----- Input records
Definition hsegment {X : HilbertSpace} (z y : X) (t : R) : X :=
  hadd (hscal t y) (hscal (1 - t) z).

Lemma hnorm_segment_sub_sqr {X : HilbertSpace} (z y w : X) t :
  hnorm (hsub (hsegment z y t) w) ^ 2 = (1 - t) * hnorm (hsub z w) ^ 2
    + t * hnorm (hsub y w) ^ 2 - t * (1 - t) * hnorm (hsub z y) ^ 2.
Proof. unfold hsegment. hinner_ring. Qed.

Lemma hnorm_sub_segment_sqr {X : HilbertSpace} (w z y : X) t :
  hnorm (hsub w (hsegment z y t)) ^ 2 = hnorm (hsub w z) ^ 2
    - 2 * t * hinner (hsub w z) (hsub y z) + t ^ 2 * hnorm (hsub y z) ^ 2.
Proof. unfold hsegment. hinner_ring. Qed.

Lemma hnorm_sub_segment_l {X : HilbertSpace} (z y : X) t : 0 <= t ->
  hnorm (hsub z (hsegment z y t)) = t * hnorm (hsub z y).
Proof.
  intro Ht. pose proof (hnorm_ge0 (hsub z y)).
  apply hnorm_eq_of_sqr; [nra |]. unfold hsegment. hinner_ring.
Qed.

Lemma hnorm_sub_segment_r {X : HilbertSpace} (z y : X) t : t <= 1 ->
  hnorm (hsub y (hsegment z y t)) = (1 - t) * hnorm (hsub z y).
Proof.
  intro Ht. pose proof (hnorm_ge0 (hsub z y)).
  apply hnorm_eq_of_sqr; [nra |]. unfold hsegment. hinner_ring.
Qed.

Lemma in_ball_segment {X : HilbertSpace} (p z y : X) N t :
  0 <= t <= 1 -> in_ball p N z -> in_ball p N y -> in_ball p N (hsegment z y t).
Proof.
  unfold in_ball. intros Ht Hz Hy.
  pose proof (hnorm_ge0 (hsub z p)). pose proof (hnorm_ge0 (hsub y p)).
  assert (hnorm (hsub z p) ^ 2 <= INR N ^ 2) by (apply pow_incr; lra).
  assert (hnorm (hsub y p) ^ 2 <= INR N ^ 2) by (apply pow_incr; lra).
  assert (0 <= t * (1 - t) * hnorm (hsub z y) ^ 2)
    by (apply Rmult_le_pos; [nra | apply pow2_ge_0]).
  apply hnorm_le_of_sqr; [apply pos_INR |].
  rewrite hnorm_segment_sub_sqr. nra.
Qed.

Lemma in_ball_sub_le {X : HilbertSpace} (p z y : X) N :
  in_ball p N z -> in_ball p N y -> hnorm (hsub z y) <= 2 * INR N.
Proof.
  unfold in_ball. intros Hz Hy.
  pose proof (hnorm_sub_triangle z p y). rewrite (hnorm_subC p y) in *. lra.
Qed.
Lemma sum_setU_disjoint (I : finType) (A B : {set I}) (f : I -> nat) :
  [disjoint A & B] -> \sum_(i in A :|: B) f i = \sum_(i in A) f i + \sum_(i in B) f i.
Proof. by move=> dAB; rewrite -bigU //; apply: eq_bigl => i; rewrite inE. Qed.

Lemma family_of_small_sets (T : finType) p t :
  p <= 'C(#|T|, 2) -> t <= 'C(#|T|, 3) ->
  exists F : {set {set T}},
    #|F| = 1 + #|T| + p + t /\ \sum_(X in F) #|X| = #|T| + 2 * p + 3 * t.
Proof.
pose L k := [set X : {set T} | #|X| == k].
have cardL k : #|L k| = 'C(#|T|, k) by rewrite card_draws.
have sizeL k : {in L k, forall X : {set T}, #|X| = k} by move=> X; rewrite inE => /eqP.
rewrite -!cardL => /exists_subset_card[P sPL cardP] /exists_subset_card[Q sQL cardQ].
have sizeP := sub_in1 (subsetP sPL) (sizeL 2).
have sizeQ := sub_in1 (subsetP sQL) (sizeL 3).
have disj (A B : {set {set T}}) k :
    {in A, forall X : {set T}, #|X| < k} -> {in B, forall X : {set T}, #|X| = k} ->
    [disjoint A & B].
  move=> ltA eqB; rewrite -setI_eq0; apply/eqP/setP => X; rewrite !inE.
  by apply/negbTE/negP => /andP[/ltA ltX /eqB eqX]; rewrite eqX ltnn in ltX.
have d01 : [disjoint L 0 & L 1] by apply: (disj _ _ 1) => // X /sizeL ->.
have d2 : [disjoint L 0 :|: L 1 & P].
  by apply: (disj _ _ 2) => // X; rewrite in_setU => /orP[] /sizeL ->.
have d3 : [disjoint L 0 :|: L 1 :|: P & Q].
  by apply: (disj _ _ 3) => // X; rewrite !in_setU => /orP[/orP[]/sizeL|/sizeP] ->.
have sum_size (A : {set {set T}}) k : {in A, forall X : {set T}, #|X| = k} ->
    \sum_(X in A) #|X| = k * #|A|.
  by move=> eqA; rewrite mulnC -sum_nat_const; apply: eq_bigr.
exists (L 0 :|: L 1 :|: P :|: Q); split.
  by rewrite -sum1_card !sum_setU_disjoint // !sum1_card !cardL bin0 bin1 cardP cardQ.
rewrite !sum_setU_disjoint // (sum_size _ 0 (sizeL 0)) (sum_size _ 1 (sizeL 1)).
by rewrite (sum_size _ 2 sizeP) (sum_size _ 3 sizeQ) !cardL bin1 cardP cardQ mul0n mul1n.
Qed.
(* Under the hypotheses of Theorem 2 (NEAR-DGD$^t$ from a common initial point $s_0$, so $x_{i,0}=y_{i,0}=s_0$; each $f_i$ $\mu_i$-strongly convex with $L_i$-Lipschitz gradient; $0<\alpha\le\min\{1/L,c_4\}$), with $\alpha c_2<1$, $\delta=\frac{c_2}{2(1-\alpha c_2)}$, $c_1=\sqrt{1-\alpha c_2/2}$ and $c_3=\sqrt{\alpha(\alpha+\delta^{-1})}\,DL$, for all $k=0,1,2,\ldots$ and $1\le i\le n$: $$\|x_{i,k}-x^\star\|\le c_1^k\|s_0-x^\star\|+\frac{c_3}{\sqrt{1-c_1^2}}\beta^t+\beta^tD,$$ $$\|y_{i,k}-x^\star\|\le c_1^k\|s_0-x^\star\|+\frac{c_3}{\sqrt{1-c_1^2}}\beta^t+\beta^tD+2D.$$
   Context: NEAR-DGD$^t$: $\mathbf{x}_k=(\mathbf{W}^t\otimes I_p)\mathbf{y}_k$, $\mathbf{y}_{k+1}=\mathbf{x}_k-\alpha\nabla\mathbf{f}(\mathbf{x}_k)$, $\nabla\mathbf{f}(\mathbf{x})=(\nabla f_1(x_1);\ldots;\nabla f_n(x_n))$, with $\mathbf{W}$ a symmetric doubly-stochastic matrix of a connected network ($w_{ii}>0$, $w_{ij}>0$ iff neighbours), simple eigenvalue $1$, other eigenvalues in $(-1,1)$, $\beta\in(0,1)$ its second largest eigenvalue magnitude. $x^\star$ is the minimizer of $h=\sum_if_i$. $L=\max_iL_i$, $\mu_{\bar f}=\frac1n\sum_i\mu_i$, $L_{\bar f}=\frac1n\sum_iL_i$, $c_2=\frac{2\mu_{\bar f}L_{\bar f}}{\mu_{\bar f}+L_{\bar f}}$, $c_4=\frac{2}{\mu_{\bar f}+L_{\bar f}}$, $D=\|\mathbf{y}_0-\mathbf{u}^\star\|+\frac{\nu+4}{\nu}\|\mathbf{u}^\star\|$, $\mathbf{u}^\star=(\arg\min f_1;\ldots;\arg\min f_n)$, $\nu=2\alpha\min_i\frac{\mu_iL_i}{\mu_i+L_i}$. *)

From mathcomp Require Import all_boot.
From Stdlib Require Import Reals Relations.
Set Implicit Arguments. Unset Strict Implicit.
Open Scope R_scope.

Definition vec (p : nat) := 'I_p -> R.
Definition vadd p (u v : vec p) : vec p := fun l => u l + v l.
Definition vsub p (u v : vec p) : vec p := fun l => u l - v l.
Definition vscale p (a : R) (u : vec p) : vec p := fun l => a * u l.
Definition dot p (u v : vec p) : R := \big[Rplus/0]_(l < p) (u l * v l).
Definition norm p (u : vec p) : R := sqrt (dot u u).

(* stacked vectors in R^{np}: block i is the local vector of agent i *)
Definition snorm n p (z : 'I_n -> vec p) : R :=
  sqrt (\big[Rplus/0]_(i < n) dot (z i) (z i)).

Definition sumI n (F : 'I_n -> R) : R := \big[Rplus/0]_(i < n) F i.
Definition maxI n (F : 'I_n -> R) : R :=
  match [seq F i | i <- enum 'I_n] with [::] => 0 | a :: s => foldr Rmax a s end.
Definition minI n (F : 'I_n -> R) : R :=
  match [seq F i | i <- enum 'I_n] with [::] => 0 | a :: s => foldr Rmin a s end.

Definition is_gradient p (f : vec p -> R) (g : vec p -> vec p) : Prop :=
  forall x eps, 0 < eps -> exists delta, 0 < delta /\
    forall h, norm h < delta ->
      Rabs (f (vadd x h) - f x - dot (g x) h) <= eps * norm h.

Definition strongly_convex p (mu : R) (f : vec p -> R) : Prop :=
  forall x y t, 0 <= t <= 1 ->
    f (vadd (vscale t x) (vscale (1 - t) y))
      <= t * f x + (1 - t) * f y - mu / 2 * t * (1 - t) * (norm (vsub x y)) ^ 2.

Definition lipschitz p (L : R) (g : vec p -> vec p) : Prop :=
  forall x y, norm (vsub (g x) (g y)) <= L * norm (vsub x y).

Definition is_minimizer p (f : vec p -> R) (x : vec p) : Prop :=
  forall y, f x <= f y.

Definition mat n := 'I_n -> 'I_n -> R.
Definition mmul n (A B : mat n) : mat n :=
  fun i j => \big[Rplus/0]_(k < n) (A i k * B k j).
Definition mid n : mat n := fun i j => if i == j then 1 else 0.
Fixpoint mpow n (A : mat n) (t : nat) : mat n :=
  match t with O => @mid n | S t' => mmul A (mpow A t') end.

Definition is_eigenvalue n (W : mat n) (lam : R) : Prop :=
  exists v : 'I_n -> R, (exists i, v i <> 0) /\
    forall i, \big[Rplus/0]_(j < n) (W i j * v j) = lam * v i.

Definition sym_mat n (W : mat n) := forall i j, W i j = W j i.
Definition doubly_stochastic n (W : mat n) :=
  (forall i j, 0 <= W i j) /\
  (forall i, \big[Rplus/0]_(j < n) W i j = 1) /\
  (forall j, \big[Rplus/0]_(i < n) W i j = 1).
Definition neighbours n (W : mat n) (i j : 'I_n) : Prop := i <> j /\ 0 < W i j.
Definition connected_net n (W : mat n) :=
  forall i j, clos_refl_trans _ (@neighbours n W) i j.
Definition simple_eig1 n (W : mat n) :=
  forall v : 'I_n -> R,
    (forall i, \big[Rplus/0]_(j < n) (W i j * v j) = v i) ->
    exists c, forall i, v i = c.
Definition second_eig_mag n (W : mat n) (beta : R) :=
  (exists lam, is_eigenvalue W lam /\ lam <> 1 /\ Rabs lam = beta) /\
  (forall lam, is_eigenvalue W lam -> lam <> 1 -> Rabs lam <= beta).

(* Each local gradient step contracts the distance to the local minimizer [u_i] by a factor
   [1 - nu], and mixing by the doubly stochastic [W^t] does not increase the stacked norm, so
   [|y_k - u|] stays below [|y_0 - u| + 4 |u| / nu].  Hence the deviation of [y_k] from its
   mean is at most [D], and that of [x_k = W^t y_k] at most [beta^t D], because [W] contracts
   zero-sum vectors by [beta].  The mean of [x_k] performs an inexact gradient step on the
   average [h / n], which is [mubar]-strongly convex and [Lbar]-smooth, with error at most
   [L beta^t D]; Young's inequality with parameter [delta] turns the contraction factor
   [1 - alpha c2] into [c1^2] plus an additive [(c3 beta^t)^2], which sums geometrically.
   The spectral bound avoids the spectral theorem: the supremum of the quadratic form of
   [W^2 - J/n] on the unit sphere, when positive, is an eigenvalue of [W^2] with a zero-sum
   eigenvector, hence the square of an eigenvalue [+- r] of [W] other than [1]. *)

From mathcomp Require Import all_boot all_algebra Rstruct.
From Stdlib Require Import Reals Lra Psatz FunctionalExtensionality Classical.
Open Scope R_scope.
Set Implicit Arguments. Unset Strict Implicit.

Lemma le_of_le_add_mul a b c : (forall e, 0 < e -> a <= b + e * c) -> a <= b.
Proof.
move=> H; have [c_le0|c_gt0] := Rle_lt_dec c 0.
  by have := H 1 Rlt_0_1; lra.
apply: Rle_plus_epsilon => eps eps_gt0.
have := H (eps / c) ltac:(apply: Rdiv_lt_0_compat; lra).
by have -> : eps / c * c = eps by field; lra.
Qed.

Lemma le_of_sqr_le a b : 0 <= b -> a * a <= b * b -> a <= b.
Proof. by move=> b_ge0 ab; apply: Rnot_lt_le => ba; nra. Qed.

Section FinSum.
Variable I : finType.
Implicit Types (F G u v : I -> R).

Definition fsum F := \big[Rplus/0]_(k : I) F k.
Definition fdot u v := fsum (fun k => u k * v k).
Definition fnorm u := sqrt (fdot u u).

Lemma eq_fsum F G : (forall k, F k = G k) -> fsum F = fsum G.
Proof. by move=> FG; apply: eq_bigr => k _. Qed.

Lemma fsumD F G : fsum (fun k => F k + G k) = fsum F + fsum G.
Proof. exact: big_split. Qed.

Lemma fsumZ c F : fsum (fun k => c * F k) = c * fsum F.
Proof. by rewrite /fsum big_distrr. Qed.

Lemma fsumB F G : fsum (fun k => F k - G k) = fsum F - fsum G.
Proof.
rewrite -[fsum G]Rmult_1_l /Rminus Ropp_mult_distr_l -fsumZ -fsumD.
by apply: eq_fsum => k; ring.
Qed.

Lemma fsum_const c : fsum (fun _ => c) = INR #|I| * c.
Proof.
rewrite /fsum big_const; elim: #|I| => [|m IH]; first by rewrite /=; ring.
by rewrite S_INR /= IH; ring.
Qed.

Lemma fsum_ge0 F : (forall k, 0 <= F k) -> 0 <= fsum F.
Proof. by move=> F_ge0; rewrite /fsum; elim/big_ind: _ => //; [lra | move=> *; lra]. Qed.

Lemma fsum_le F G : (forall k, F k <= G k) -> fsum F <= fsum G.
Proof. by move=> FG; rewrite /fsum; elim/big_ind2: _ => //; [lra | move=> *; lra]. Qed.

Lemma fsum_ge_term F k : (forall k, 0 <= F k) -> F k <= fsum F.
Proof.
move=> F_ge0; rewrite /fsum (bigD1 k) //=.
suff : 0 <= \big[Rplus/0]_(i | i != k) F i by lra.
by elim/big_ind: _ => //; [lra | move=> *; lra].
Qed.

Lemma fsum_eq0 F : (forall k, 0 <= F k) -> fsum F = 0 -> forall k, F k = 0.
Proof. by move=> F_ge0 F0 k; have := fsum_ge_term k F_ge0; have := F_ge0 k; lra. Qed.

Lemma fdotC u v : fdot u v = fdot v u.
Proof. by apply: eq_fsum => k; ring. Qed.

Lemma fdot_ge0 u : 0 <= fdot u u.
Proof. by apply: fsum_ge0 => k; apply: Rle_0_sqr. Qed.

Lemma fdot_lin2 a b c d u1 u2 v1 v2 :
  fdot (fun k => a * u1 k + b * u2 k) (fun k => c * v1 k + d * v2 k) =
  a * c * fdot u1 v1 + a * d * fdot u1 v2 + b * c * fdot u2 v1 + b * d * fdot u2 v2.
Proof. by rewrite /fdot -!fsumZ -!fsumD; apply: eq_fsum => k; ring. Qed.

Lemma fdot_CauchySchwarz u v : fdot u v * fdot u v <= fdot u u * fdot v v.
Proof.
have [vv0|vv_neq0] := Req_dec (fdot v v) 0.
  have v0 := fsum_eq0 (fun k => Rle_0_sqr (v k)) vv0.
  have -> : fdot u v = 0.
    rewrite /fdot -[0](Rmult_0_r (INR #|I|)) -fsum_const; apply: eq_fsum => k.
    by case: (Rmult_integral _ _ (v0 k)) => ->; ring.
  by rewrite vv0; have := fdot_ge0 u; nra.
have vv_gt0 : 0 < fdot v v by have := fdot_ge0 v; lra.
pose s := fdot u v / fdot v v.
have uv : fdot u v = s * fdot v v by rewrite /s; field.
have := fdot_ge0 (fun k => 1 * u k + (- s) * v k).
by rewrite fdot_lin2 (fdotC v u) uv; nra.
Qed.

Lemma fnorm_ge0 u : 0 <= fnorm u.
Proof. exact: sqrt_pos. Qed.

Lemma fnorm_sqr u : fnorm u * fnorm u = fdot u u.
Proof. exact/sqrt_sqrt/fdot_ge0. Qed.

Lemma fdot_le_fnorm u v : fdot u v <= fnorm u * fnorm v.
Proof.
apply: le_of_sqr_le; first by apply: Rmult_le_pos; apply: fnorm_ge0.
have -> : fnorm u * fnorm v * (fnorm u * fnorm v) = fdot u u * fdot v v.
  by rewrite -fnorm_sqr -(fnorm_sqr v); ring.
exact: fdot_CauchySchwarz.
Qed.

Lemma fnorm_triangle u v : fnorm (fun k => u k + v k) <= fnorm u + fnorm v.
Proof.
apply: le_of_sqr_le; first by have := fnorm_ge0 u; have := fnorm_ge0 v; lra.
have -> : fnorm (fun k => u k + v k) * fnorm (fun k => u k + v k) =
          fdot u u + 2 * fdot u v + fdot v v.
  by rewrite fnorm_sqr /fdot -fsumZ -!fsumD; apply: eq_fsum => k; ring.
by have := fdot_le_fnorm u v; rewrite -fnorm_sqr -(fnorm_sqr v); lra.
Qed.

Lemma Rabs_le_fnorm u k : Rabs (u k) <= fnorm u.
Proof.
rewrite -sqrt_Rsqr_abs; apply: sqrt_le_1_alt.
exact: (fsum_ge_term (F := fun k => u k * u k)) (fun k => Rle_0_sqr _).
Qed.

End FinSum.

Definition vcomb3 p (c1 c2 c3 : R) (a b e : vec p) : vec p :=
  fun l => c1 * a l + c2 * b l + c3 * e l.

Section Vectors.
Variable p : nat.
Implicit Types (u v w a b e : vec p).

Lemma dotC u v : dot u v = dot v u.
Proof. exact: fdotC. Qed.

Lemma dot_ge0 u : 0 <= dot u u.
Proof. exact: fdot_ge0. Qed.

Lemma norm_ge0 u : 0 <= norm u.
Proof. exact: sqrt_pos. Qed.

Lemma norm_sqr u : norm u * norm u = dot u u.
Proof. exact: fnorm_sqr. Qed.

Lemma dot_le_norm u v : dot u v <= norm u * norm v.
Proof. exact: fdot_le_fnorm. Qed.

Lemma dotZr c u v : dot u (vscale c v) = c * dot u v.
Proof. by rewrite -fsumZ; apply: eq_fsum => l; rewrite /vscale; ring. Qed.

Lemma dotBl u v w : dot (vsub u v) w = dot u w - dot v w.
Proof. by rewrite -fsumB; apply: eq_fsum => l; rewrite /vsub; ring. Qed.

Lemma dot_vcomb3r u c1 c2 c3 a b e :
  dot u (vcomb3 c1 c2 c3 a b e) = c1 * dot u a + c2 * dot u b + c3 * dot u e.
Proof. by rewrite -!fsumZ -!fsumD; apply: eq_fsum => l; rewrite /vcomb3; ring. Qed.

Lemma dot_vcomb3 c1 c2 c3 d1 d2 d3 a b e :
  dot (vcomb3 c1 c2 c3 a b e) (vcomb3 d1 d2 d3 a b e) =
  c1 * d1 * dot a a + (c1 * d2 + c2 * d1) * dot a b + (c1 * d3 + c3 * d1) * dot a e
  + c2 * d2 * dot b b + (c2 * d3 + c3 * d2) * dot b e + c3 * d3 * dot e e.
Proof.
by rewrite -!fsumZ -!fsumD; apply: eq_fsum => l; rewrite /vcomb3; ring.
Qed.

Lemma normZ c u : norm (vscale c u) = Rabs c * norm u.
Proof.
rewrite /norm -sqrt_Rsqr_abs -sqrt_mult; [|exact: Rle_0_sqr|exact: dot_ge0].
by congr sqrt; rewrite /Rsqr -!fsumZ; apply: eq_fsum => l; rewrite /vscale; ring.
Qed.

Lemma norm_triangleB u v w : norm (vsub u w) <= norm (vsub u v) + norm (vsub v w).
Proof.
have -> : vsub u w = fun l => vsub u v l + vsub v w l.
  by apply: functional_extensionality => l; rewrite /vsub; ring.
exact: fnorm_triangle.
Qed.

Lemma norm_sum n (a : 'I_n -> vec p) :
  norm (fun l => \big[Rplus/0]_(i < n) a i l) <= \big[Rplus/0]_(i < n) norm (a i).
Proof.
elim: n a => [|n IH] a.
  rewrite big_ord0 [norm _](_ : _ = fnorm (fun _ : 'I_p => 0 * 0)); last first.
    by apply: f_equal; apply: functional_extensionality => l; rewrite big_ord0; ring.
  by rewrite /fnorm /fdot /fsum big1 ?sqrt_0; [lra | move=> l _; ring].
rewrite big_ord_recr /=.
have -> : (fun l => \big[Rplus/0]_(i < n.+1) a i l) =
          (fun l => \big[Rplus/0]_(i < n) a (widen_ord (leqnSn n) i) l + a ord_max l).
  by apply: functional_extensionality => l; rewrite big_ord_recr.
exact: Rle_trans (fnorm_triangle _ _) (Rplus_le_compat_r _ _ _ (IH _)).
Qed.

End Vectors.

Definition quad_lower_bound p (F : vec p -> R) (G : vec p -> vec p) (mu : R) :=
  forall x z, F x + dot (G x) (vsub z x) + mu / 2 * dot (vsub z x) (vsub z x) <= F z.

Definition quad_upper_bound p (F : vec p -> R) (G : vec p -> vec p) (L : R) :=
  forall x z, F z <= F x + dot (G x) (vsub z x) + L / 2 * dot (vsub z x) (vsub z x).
----------
_Work instructions:_ Every line above that holds the word "alpha" should be copied out.

_Your solution:_
(* Under the hypotheses of Theorem 2 (NEAR-DGD$^t$ from a common initial point $s_0$, so $x_{i,0}=y_{i,0}=s_0$; each $f_i$ $\mu_i$-strongly convex with $L_i$-Lipschitz gradient; $0<\alpha\le\min\{1/L,c_4\}$), with $\alpha c_2<1$, $\delta=\frac{c_2}{2(1-\alpha c_2)}$, $c_1=\sqrt{1-\alpha c_2/2}$ and $c_3=\sqrt{\alpha(\alpha+\delta^{-1})}\,DL$, for all $k=0,1,2,\ldots$ and $1\le i\le n$: $$\|x_{i,k}-x^\star\|\le c_1^k\|s_0-x^\star\|+\frac{c_3}{\sqrt{1-c_1^2}}\beta^t+\beta^tD,$$ $$\|y_{i,k}-x^\star\|\le c_1^k\|s_0-x^\star\|+\frac{c_3}{\sqrt{1-c_1^2}}\beta^t+\beta^tD+2D.$$
   Context: NEAR-DGD$^t$: $\mathbf{x}_k=(\mathbf{W}^t\otimes I_p)\mathbf{y}_k$, $\mathbf{y}_{k+1}=\mathbf{x}_k-\alpha\nabla\mathbf{f}(\mathbf{x}_k)$, $\nabla\mathbf{f}(\mathbf{x})=(\nabla f_1(x_1);\ldots;\nabla f_n(x_n))$, with $\mathbf{W}$ a symmetric doubly-stochastic matrix of a connected network ($w_{ii}>0$, $w_{ij}>0$ iff neighbours), simple eigenvalue $1$, other eigenvalues in $(-1,1)$, $\beta\in(0,1)$ its second largest eigenvalue magnitude. $x^\star$ is the minimizer of $h=\sum_if_i$. $L=\max_iL_i$, $\mu_{\bar f}=\frac1n\sum_i\mu_i$, $L_{\bar f}=\frac1n\sum_iL_i$, $c_2=\frac{2\mu_{\bar f}L_{\bar f}}{\mu_{\bar f}+L_{\bar f}}$, $c_4=\frac{2}{\mu_{\bar f}+L_{\bar f}}$, $D=\|\mathbf{y}_0-\mathbf{u}^\star\|+\frac{\nu+4}{\nu}\|\mathbf{u}^\star\|$, $\mathbf{u}^\star=(\arg\min f_1;\ldots;\arg\min f_n)$, $\nu=2\alpha\min_i\frac{\mu_iL_i}{\mu_i+L_i}$. *)
   [1 - alpha c2] into [c1^2] plus an additive [(c3 beta^t)^2], which sums geometrically.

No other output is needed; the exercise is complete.